▶ _Work to be completed_
Check each line of the listing for the string "move". Copy those where it appears.

▶ _Provided records_
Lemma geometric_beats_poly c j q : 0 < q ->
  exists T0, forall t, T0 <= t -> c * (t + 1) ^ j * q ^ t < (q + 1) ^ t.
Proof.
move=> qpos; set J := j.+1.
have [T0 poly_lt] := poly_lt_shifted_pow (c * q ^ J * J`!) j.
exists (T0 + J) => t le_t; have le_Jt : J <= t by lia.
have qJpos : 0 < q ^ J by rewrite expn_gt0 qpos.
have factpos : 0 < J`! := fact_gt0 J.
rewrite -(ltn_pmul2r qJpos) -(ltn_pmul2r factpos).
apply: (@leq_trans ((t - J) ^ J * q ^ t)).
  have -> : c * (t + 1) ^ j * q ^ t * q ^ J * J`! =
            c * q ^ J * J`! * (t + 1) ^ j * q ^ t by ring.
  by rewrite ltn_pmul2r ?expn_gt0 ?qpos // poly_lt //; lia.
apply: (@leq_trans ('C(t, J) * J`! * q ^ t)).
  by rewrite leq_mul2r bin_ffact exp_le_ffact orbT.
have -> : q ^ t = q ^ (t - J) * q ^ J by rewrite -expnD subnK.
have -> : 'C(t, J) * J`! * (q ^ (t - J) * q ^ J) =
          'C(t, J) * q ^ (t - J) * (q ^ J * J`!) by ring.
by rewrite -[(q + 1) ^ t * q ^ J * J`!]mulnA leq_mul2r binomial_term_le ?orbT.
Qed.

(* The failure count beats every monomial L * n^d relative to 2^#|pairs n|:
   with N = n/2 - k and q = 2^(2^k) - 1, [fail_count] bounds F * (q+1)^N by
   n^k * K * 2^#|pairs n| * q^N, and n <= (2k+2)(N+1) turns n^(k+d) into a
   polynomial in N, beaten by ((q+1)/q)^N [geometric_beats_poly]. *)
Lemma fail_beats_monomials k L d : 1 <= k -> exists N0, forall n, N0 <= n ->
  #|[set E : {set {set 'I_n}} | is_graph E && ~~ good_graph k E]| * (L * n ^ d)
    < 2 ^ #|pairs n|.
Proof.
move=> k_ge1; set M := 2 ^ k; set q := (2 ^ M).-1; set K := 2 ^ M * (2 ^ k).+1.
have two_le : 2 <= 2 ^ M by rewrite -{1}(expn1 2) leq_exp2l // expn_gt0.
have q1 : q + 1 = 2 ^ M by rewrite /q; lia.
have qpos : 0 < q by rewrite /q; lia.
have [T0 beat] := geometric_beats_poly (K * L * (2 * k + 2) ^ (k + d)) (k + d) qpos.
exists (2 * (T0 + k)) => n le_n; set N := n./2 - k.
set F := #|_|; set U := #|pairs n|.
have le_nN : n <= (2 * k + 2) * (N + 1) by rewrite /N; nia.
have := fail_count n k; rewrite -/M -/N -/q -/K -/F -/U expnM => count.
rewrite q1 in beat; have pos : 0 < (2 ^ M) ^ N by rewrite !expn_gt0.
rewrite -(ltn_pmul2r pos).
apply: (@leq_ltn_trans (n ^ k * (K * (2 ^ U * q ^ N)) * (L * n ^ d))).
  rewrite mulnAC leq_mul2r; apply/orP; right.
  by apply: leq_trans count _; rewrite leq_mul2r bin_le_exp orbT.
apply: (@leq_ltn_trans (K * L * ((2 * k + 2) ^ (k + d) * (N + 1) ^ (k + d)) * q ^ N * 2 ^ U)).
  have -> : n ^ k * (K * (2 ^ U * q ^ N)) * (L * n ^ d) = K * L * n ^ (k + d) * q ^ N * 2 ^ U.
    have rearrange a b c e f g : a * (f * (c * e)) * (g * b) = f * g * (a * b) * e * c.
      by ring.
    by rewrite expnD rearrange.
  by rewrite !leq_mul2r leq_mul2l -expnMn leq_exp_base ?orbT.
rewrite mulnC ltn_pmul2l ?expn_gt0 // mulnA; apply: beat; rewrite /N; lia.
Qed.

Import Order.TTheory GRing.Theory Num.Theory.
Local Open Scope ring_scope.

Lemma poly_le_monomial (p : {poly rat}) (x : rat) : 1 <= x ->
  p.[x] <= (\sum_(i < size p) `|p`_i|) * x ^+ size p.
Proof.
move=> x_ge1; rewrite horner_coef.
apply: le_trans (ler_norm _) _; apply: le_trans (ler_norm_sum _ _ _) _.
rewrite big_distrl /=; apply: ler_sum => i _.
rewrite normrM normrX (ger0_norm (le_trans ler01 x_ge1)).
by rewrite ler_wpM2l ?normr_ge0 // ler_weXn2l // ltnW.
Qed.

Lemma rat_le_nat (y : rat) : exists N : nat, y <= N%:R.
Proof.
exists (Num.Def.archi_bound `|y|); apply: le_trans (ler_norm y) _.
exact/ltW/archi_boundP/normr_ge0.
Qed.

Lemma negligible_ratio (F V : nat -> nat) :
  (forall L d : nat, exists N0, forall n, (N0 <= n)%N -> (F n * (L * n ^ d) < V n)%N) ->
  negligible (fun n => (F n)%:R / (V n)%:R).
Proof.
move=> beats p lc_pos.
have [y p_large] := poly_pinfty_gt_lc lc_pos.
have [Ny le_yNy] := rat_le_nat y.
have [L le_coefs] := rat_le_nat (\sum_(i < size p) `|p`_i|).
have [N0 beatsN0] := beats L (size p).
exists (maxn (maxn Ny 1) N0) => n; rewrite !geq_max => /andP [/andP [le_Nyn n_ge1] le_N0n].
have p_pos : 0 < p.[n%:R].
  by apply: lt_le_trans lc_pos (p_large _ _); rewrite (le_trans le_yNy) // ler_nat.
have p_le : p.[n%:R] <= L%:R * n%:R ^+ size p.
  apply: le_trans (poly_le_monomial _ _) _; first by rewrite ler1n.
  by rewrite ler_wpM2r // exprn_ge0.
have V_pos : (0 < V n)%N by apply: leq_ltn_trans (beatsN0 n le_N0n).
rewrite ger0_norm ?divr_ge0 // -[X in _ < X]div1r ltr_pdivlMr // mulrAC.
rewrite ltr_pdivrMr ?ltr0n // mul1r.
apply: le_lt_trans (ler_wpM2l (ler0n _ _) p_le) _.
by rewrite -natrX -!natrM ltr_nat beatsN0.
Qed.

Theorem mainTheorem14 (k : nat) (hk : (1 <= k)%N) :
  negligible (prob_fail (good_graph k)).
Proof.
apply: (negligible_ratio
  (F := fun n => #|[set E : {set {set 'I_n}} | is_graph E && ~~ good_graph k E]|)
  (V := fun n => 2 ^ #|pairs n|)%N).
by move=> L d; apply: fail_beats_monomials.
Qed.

▶ _Result_
move=> qpos; set J := j.+1.
move=> k_ge1; set M := 2 ^ k; set q := (2 ^ M).-1; set K := 2 ^ M * (2 ^ k).+1.
move=> x_ge1; rewrite horner_coef.
move=> beats p lc_pos.
by move=> L d; apply: fail_beats_monomials.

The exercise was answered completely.